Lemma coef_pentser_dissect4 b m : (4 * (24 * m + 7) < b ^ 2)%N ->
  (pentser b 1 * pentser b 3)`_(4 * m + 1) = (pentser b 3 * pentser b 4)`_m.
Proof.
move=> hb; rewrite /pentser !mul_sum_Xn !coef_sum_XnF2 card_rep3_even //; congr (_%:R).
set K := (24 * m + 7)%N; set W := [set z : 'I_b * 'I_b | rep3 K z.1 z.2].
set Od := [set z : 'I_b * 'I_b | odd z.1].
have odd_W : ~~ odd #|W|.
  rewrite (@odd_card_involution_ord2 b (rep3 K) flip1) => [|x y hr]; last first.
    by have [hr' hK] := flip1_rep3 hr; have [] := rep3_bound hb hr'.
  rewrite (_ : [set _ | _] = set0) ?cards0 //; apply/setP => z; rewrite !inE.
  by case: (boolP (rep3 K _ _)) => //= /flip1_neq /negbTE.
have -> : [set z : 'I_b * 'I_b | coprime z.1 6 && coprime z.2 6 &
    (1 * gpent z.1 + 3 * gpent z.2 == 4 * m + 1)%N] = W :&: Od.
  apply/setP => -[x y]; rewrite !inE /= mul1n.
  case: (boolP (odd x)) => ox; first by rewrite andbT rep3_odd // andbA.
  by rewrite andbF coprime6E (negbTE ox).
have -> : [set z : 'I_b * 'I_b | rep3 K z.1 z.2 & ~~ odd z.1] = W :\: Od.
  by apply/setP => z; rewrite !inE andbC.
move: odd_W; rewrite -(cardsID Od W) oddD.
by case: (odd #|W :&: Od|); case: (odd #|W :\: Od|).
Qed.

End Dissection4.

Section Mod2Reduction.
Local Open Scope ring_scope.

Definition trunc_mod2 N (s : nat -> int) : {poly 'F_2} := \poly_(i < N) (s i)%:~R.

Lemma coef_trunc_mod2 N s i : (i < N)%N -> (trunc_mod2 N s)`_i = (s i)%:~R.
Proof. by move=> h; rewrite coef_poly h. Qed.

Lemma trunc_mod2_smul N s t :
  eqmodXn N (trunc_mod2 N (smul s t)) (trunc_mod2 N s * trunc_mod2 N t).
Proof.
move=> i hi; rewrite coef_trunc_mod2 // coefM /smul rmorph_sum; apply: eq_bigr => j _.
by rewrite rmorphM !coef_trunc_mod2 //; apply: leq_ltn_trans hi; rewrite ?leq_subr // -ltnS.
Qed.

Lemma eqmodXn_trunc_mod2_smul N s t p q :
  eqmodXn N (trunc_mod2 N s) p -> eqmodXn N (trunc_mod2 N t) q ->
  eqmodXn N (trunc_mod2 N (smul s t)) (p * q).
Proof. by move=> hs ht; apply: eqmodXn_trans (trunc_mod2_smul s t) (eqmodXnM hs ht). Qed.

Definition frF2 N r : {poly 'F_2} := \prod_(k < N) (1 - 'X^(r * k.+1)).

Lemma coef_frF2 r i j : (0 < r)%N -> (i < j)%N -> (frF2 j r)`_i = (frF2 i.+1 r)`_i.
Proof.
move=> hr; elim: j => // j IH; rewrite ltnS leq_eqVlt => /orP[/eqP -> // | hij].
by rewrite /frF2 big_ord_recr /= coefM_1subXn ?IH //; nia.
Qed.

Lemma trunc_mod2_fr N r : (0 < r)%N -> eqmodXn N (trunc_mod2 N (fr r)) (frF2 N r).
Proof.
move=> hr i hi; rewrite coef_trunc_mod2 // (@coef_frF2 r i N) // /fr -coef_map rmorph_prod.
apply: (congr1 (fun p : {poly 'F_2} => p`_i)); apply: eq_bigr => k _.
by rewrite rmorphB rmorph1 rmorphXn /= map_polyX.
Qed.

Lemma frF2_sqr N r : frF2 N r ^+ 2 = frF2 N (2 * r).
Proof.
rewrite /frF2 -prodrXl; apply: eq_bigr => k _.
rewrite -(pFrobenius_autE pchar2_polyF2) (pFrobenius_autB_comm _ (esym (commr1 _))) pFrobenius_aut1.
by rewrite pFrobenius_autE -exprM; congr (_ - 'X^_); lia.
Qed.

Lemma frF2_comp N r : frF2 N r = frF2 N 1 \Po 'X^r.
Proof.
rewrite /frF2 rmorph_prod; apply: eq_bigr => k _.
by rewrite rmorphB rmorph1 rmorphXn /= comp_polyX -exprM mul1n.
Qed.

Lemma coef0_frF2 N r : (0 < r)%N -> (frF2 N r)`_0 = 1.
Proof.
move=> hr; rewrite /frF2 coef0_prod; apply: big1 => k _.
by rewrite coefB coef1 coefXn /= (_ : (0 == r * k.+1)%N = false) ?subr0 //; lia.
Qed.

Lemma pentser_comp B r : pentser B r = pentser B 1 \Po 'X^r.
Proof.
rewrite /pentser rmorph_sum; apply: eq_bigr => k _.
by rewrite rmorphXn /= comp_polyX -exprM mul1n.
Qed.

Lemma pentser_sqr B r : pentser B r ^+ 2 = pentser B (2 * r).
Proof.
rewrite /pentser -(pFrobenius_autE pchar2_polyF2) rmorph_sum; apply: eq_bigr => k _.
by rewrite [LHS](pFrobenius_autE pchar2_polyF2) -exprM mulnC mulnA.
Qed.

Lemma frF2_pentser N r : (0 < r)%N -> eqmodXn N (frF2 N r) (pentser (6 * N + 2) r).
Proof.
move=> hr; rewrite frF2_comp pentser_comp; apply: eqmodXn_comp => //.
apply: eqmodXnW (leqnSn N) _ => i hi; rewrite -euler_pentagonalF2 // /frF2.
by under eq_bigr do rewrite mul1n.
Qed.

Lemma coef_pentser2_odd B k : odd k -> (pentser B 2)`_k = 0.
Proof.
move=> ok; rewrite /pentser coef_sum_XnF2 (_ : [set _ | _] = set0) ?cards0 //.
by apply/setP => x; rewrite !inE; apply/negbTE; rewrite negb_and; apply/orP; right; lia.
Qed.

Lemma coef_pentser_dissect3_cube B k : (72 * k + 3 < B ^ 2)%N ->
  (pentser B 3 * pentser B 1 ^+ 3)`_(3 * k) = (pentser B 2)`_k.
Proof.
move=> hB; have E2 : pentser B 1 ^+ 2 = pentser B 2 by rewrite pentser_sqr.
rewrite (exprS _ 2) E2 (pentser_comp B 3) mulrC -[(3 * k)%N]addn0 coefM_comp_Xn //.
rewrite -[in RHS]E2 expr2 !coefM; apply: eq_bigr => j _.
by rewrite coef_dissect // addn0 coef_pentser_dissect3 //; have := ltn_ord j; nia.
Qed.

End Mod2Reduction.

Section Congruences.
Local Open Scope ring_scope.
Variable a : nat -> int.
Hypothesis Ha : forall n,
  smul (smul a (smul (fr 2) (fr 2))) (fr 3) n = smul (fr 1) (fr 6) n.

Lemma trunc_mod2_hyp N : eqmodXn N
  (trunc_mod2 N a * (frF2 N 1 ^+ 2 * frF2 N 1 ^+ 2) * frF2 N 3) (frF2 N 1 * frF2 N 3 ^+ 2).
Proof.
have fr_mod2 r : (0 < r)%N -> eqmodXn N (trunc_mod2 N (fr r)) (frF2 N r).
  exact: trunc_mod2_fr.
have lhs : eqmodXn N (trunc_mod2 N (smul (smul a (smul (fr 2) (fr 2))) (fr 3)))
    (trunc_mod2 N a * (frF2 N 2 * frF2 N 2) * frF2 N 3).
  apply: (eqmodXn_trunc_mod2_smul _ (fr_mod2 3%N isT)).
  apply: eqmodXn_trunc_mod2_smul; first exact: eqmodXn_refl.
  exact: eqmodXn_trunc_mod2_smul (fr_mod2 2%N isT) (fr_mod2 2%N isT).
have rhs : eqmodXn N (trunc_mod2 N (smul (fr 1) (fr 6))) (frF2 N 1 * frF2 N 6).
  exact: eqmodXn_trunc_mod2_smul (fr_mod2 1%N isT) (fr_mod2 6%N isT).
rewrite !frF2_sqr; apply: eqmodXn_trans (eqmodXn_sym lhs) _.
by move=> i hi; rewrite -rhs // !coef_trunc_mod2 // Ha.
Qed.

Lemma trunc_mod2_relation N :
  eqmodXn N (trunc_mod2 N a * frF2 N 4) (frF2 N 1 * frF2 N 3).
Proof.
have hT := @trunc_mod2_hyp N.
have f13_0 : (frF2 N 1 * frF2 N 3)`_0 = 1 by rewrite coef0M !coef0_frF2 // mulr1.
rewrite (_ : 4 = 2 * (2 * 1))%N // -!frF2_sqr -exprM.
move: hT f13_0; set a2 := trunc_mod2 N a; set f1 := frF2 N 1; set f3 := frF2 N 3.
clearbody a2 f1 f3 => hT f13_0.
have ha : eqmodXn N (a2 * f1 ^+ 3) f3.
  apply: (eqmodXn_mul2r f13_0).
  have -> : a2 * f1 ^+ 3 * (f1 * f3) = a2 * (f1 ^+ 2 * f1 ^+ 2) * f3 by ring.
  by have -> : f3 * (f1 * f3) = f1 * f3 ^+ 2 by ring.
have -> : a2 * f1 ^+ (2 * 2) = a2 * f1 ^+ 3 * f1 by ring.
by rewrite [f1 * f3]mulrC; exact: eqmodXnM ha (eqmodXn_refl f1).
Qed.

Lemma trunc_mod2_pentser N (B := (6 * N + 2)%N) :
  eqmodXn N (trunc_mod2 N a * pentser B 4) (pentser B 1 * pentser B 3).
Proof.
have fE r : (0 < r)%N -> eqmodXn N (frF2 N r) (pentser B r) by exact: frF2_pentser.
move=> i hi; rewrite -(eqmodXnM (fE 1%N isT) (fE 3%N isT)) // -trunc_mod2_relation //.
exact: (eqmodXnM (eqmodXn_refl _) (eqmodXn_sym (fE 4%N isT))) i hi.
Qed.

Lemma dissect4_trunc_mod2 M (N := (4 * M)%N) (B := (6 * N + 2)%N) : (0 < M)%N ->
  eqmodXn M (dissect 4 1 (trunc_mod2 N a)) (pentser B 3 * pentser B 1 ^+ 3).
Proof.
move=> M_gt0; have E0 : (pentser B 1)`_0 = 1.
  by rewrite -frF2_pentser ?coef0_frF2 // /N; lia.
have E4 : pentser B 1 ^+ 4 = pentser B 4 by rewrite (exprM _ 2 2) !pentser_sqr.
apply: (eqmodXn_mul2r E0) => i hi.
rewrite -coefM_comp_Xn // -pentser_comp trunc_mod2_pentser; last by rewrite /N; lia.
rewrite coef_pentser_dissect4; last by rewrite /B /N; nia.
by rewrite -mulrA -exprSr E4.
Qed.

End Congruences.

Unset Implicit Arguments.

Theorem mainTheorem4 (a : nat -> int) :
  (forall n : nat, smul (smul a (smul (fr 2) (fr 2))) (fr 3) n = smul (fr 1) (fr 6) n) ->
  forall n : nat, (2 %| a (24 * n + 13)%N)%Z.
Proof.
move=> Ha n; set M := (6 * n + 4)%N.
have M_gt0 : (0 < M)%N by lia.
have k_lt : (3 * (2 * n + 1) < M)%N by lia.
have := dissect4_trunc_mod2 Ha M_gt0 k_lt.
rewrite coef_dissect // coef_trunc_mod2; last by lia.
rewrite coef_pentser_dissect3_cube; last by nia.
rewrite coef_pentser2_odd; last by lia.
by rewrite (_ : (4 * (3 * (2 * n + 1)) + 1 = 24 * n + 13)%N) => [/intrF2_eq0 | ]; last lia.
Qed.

######

What the task asks.
Copy out each line of the data that has the word "forall" in it.

Task solution.
Hypothesis Ha : forall n,
  (forall n : nat, smul (smul a (smul (fr 2) (fr 2))) (fr 3) n = smul (fr 1) (fr 6) n) ->
  forall n : nat, (2 %| a (24 * n + 13)%N)%Z.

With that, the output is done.